After incubation, the growth of microorganisms is detected, followed by counting. There are several techniques involved in counting microbes. Direct counting techniques are used. The oldest of these is microscopy which involves magnification of individual cells to become visible to the naked eye. Direct counting techniques do not rely on cell population growth. A recent direct counting technique is the use of immunofluorescence and epifluorescence adaptations of cell labeling used in conjunction with cytometry. Total and viable counts of microorganisms are important practices in microbiology. The main difference between the two is that total count determines the count of all cells both dead and alive while viable count estimates the number of viable or live cells only capable of growing into distinct colonies.
Importance:
• Knowing how to count organisms and understanding their
growth cycles is often important in treating infections.
• By counting individual organisms and experimenting, we can
determine how many of them are needed to cause disease.
• Counting bacteria is also important in environmental
microbiology; to control environmental conditions or enhance growth to obtain
desired results.
Total Count
Total count is also termed as standard plate count or colony
count. It gives the total number of microbes both viable and non-viable. All
cells are counted. These include bacteria, yeasts, and molds. It is usually
done by the pour plate method. Total count generally requires a microscope.

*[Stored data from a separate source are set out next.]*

(* Since the difference of two density operators is traceless Hermitian, each
   channel T(u_j) is a (1 - eps)-contraction for the Schatten 2-norm on density
   operators, so T(u_k)...T(u_{k-N}) shrinks the bounded set of density
   operators to diameter O((1 - eps)^N).  Hence the images of a fixed state form
   a Cauchy sequence; its entrywise limit is again a density operator (the set of
   density operators is closed), and every other choice of initial states rho_{-N}
   lands within O((1 - eps)^N) of it. *)

Section DensityOperators.
Variable R : realType.
Local Notation Re := (@complex.Re R).
Local Notation Im := (@complex.Im R).
Implicit Types (x y w : R[i]) (z : nat -> R[i]).

Lemma ReM x y : Re (x * y) = Re x * Re y - Im x * Im y.
Proof. by case: x; case: y. Qed.

Lemma ImM x y : Im (x * y) = Re x * Im y + Im x * Re y.
Proof. by case: x => a b; case: y => c d /=; rewrite [b * c]mulrC. Qed.

Lemma ReJ x : Re x^* = Re x.
Proof. by case: x. Qed.

Lemma ImJ x : Im x^* = - Im x.
Proof. by case: x. Qed.

(* MathComp-Analysis gives R[i] no complete uniform structure, so convergence of
   complex sequences is tracked through real and imaginary parts. *)
Definition coord_cvg z w :=
  Re (z N) @[N --> \oo] --> Re w /\ Im (z N) @[N --> \oo] --> Im w.

Lemma coord_cvg_cst w : coord_cvg (fun=> w) w.
Proof. by split; exact: cvg_cst. Qed.

Lemma coord_cvg_unique z w1 w2 : coord_cvg z w1 -> coord_cvg z w2 -> w1 = w2.
Proof.
case: w1 w2 => [a1 b1] [a2 b2] [/= Ha1 Hb1] [/= Ha2 Hb2].
by congr (Complex _ _); [exact: cvg_unique Ha1 Ha2|exact: cvg_unique Hb1 Hb2].
Qed.

Lemma coord_cvg_sum (I : finType) (z : I -> nat -> R[i]) (w : I -> R[i]) :
  (forall i, coord_cvg (z i) (w i)) ->
  coord_cvg (fun N => \sum_i z i N) (\sum_i w i).
Proof.
move=> zw; split; rewrite raddf_sum; under eq_fun do rewrite raddf_sum;
  (apply: cvg_big => [|i _]; first exact: add_continuous).
  exact: (zw i).1.
exact: (zw i).2.
Qed.

Lemma coord_cvgMl c z w : coord_cvg z w -> coord_cvg (fun N => c * z N) (c * w).
Proof.
case=> ReZ ImZ; split.
  by rewrite ReM; under eq_cvg do rewrite ReM; apply: cvgB; apply: cvgM => //; exact: cvg_cst.
by rewrite ImM; under eq_cvg do rewrite ImM; apply: cvgD; apply: cvgM => //; exact: cvg_cst.
Qed.

Lemma coord_cvgJ z w : coord_cvg z w -> coord_cvg (fun N => (z N)^*) w^*.
Proof.
case=> ReZ ImZ; split; [rewrite ReJ|rewrite ImJ].
  by under eq_cvg do rewrite ReJ.
by under eq_cvg do rewrite ImJ; exact: cvgN.
Qed.

Lemma coord_cvg_ge0 z w : (forall N, 0 <= z N) -> coord_cvg z w -> 0 <= w.
Proof.
move=> z_ge0 [ReZ ImZ]; rewrite lecE; apply/andP; split.
  have ImZ0 : Im (z N) @[N --> \oo] --> 0.
    by under eq_cvg do rewrite ger0_Im //; exact: cvg_cst.
  by apply/eqP; exact: cvg_unique ImZ ImZ0.
apply: cvgr_to_ge ReZ _; apply: nearW => N.
by have := z_ge0 N; rewrite lecE => /andP[].
Qed.

Lemma ler_psum_term (I : finType) (F : I -> R) i :
  (forall j, 0 <= F j) -> F i <= \sum_j F j.
Proof. by move=> F_ge0; rewrite (bigD1 i) //= lerDl sumr_ge0. Qed.

Section Schatten2.
Variable p : nat.
Implicit Types A B : 'M[R[i]]_p.

Definition frob_sq A := \sum_i \sum_j (Re (A i j) ^+ 2 + Im (A i j) ^+ 2).

Lemma schatten2E A : schatten2 A = Num.sqrt (frob_sq A).
Proof.
rewrite /schatten2 /frob_sq /mxtrace raddf_sum exchange_big /=; congr Num.sqrt.
apply: eq_bigr => j _; rewrite mxE raddf_sum; apply: eq_bigr => i _.
by rewrite mxE /= ReM ReJ ImJ mulNr opprK.
Qed.

Lemma entry_sq_le_frob_sq A i j : Re (A i j) ^+ 2 + Im (A i j) ^+ 2 <= frob_sq A.
Proof.
have entry_ge0 k l : 0 <= Re (A k l) ^+ 2 + Im (A k l) ^+ 2 by rewrite addr_ge0 ?sqr_ge0.
apply: le_trans (ler_psum_term i _); first exact: ler_psum_term.
by move=> k; apply: sumr_ge0.
Qed.

Lemma schatten2_ge0 A : 0 <= schatten2 A.
Proof. by rewrite schatten2E sqrtr_ge0. Qed.

Lemma schatten2_eq0 A : (schatten2 A == 0) = (A == 0).
Proof.
apply/idP/eqP => [|->]; last first.
  rewrite schatten2E /frob_sq big1 ?sqrtr0 // => i _.
  by rewrite big1 // => j _; rewrite mxE expr0n addr0.
rewrite schatten2E sqrtr_eq0 => frob_le0; apply/matrixP => i j; rewrite mxE.
have := entry_sq_le_frob_sq A i j.
have := sqr_ge0 (Re (A i j)); have := sqr_ge0 (Im (A i j)).
move=> Im_ge0 Re_ge0 entry_le.
have /eqP : Re (A i j) ^+ 2 = 0 by lra.
have /eqP : Im (A i j) ^+ 2 = 0 by lra.
by rewrite !sqrf_eq0 => /eqP ImA /eqP ReA; apply/eqP; rewrite eq_complex ReA ImA !eqxx.
Qed.

Lemma schatten2_gt0 A : A != 0 -> 0 < schatten2 A.
Proof. by move=> A_neq0; rewrite lt_neqAle schatten2_ge0 andbT eq_sym schatten2_eq0. Qed.

Lemma Re_le_schatten2 A i j : `|Re (A i j)| <= schatten2 A.
Proof.
rewrite schatten2E -sqrtr_sqr; apply: ler_wsqrtr.
by apply: le_trans (entry_sq_le_frob_sq A i j); rewrite lerDl sqr_ge0.
Qed.

Lemma Im_le_schatten2 A i j : `|Im (A i j)| <= schatten2 A.
Proof.
rewrite schatten2E -sqrtr_sqr; apply: ler_wsqrtr.
by apply: le_trans (entry_sq_le_frob_sq A i j); rewrite lerDr sqr_ge0.
Qed.

Lemma schatten2_le_entries A (d : R) : 0 <= d ->
  (forall i j, `|Re (A i j)| <= d /\ `|Im (A i j)| <= d) ->
  schatten2 A <= Num.sqrt (2 * p%:R ^+ 2) * d.
Proof.
move=> d_ge0 A_le; rewrite schatten2E -(ger0_norm d_ge0) -sqrtr_sqr -sqrtrM ?mulr_ge0 ?sqr_ge0 //.
apply: ler_wsqrtr.
have -> : 2 * p%:R ^+ 2 * d ^+ 2 = \sum_(i < p) \sum_(j < p) (d ^+ 2 + d ^+ 2).
  by rewrite !sumr_const card_ord -mulrnA -[in RHS]mulr_natl natrM; ring.
have sqr_le (x : R) : `|x| <= d -> x ^+ 2 <= d ^+ 2.
  by move=> x_le; rewrite -real_normK ?num_real //; apply: lerXn2r; rewrite ?nnegrE.
apply: ler_sum => i _; apply: ler_sum => j _.
by have [ReA ImA] := A_le i j; apply: lerD; apply: sqr_le.
Qed.

Lemma schatten2_le_add A B :
  schatten2 (A + B) <= Num.sqrt (2 * p%:R ^+ 2) * (schatten2 A + schatten2 B).
Proof.
apply: schatten2_le_entries; first by rewrite addr_ge0 ?schatten2_ge0.
move=> i j; rewrite mxE !raddfD; split; apply: le_trans (ler_normD _ _) _; apply: lerD;
  by [apply: Re_le_schatten2 | apply: Im_le_schatten2].
Qed.

End Schatten2.

Lemma adjmxD m n (A B : 'M[R[i]]_(m, n)) : adjmx (A + B) = adjmx A + adjmx B.
Proof. by apply/matrixP => i j; rewrite !mxE rmorphD. Qed.

Lemma adjmxB m n (A B : 'M[R[i]]_(m, n)) : adjmx (A - B) = adjmx A - adjmx B.
Proof. by apply/matrixP => i j; rewrite !mxE rmorphB. Qed.

Lemma adjmxZ m n c (A : 'M[R[i]]_(m, n)) : adjmx (c *: A) = c^* *: adjmx A.
Proof. by apply/matrixP => i j; rewrite !mxE rmorphM. Qed.

Section Density.
Variable p : nat.
Implicit Types A B : 'M[R[i]]_p.
Local Notation ecol i := (delta_mx i 0 : 'cV[R[i]]_p).

Lemma adjmx_delta i : adjmx (ecol i) = 'e_i.
Proof. by apply/matrixP => a b; rewrite !mxE rmorph_nat andbC. Qed.

Lemma qformE (x : 'cV[R[i]]_p) A :
  (adjmx x *m A *m x) 0 0 = \sum_k \sum_l ((x k 0)^* * x l 0) * A k l.
Proof.
rewrite mxE exchange_big /=; apply: eq_bigr => l _.
rewrite mxE mulr_suml; apply: eq_bigr => k _.
by rewrite !mxE mulrAC.
Qed.

Lemma qform_delta A i j : (adjmx (ecol i) *m A *m ecol j) 0 0 = A i j.
Proof. by rewrite adjmx_delta -rowE -colE !mxE. Qed.

Lemma qform_delta_add A i j c :
  let x := ecol i + c *: ecol j in
  (adjmx x *m A *m x) 0 0 = A i i + c * A i j + c^* * A j i + c^* * c * A j j.
Proof.
have entryD (M N : 'M[R[i]]_1) : (M + N) 0 0 = M 0 0 + N 0 0 by rewrite mxE.
have entryZ a (M : 'M[R[i]]_1) : (a *: M) 0 0 = a * M 0 0 by rewrite mxE.
rewrite /= adjmxD adjmxZ !mulmxDl !mulmxDr -!scalemxAl -!scalemxAr.
by rewrite !entryD !entryZ !qform_delta; ring.
Qed.

Lemma hermitian_entry A i j : Defs.hermitian A -> A j i = (A i j)^*.
Proof. by move=> hermA; rewrite -[in LHS]hermA mxE. Qed.

Lemma psd_diag_ge0 A i : psd A -> 0 <= A i i.
Proof. by case=> _ /(_ (ecol i)); rewrite qform_delta. Qed.

Lemma psd_entry_le A i j : psd A ->
  `|Re (A i j)| <= (Re (A i i) + Re (A j j)) / 2 /\
  `|Im (A i j)| <= (Re (A i i) + Re (A j j)) / 2.
Proof.
move=> psdA; have [hermA qform_ge0] := psdA.
have /ger0_Im Ajj_real := psd_diag_ge0 j psdA.
have qform_Re c : 0 <= Re (A i i) + 2 * (Re c * Re (A i j) - Im c * Im (A i j))
                       + (Re c * Re c + Im c * Im c) * Re (A j j).
  have := qform_ge0 (ecol i + c *: ecol j).
  rewrite qform_delta_add (hermitian_entry i j hermA) lecE => /andP[_].
  by rewrite /= !raddfD /= !ReM !ImM !ReJ !ImJ Ajj_real; lra.
have := qform_Re 1; have := qform_Re (-1); have := qform_Re 'i%C; have := qform_Re (- 'i%C).
rewrite /= !ler_norml.
by split; apply/andP; split; lra.
Qed.

Lemma density_diag_le1 A i : density A -> Re (A i i) <= 1.
Proof.
case=> psdA trA; have <- : Re (\tr A) = 1 by rewrite trA.
rewrite /mxtrace raddf_sum /=; apply: ler_psum_term => k.
by have := psd_diag_ge0 k psdA; rewrite lecE => /andP[].
Qed.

Flowchart: Types of Total Count
Counting chamber: This method is easy, quick, and
inexpensive. It is used for both prokaryotes and eukaryotes. A hemocytometer is
used for cell counting. It is a microscope slide. The central part of this
slide has etched grids with precisely spaced lines to enable accurate counting.

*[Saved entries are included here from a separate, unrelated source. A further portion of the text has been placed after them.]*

Lemma is_cps_val_alpha y ys y' ys' d V W :
  NoDup (y' :: ys') -> length ys = length ys' ->
  (forall w, In w (y' :: ys') -> ~ In w (allvars_decl d)) ->
  is_cps_val (Lam y ys d) V ->
  is_cps_val (Lam y' ys' (subst_decl (subst_of (y :: ys) (y' :: ys')) d)) W ->
  cong_val V W.
Proof.
  intros Hnd Hlen Hfr HV HW.
  set (ks := fresh (y :: ys ++ y' :: ys' ++ allvars_decl d)).
  assert (Kd : ~ In ks (allvars_decl d)) by (apply fresh_notin_incl; intros; solve_In).
  assert (Ky : ~ In ks (y :: ys)) by (apply fresh_notin_incl; intros; solve_In).
  assert (Ky' : ~ In ks (y' :: ys')) by (apply fresh_notin_incl; intros; solve_In).
  destruct (is_cps_decl_exists (y' :: ys') d ks Kd) as [Cs [HCs HBs]].
  set (kk := fresh (allvars_decl Cs ++ y' :: ys' ++ allvars_decl d)).
  assert (KkC : ~ In kk (allvars_decl Cs)) by (apply fresh_notin_incl; intros; solve_In).
  assert (Kky : ~ In kk (y' :: ys')) by (apply fresh_notin_incl; intros; solve_In).
  assert (Kkd : ~ In kk (allvars_decl d)) by (apply fresh_notin_incl; intros; solve_In).
  assert (Hnew : forall u, In u ((y' :: ys') ++ [kk]) -> ~ In u (allvars_decl Cs)).
  { intros u Hu. apply in_app_or in Hu. destruct Hu as [Hu|[Hu|[]]]; [|subst; auto].
    intros Hc. unfold allvars_decl in Hc. apply in_app_or in Hc. destruct Hc as [Hc|Hc].
    - destruct (is_cps_decl_fv_allvars _ _ _ HCs _ Hc) as [E|E]; [subst; auto|].
      exact (Hfr u Hu E).
    - destruct (HBs _ Hc) as [E|E]; [|exact (E Hu)].
      apply (Hfr u Hu). apply bv_allvars_decl. exact E. }
  eapply cv_trans.
  { apply (is_cps_val_unique (Lam y ys d)); [exact HV|].
    apply cpsv_lam; [exact Ky| |exact HCs]. intro; apply Kd; apply fv_allvars_decl; auto. }
  eapply cv_trans.
  { apply (cv_alpha y (ys ++ [ks]) y' (ys' ++ [kk]) Cs); [|rewrite !length_app; simpl; lia|exact Hnew].
    apply (NoDup_snoc (y' :: ys')); auto. }
  apply (is_cps_val_unique (Lam y' ys' (subst_decl (subst_of (y :: ys) (y' :: ys')) d))); [|exact HW].
  constructor; auto.
  - intros Hc. apply fv_subst in Hc. destruct Hc as [x [Hx Ex]].
    destruct (assoc_subst_of_range (y :: ys) (y' :: ys') x) as [E|E]; [simpl; auto| |].
    + rewrite E in Ex. subst. apply Kkd. apply fv_allvars_decl. auto.
    + rewrite <- Ex in E. auto.
  - apply (is_cps_decl_subst_params d ks Cs (y :: ys) (y' :: ys') kk); auto; [| simpl; auto|].
    + intro; apply Kd; apply fv_allvars_decl; auto.
    + intros u Hu Hb. apply (Hnew u Hu). apply bv_allvars_decl. exact Hb.
Qed.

In order to get an accurate count using this method, the cell number should range between 40 and 70 cells in a one-mm square (Fig). There is 1000 mm cubed per ml,
so the cell can calculate by a unit of cells/ml. Sometimes need to dilute a
cell suspension to get the cell density low enough for counting. In that case,
the final count is multiplied by the dilution factor.
Fig: Haemocytometer
Electronic counter: This method is known as the flow
cytometry method. This method is easy and fast but expensive. This machine
detects the difference in current as individual microorganisms pass through a
small orifice. This orifice connects two compartments of the counter which
contain conductive solution. In this instrument, two electrodes passing
constant current are placed on either side of a small hole, and due to that the
major resistance in the circuit is at the aperture, and when a non-conducting
particle is passing through the resistance is changed to an electrical pulse
(Fig). When each bacterium passes through the orifice, the electrical
resistance between the two compartments increases. The number of pulses is
equal to the number of cells counted and the strength of the signal is directly
proportional to the cell volume.
Fig: Coulter counter
Colter counter: It is a probe that measures variation
in conductivity of a solution as a bacteria passes through a narrow gap.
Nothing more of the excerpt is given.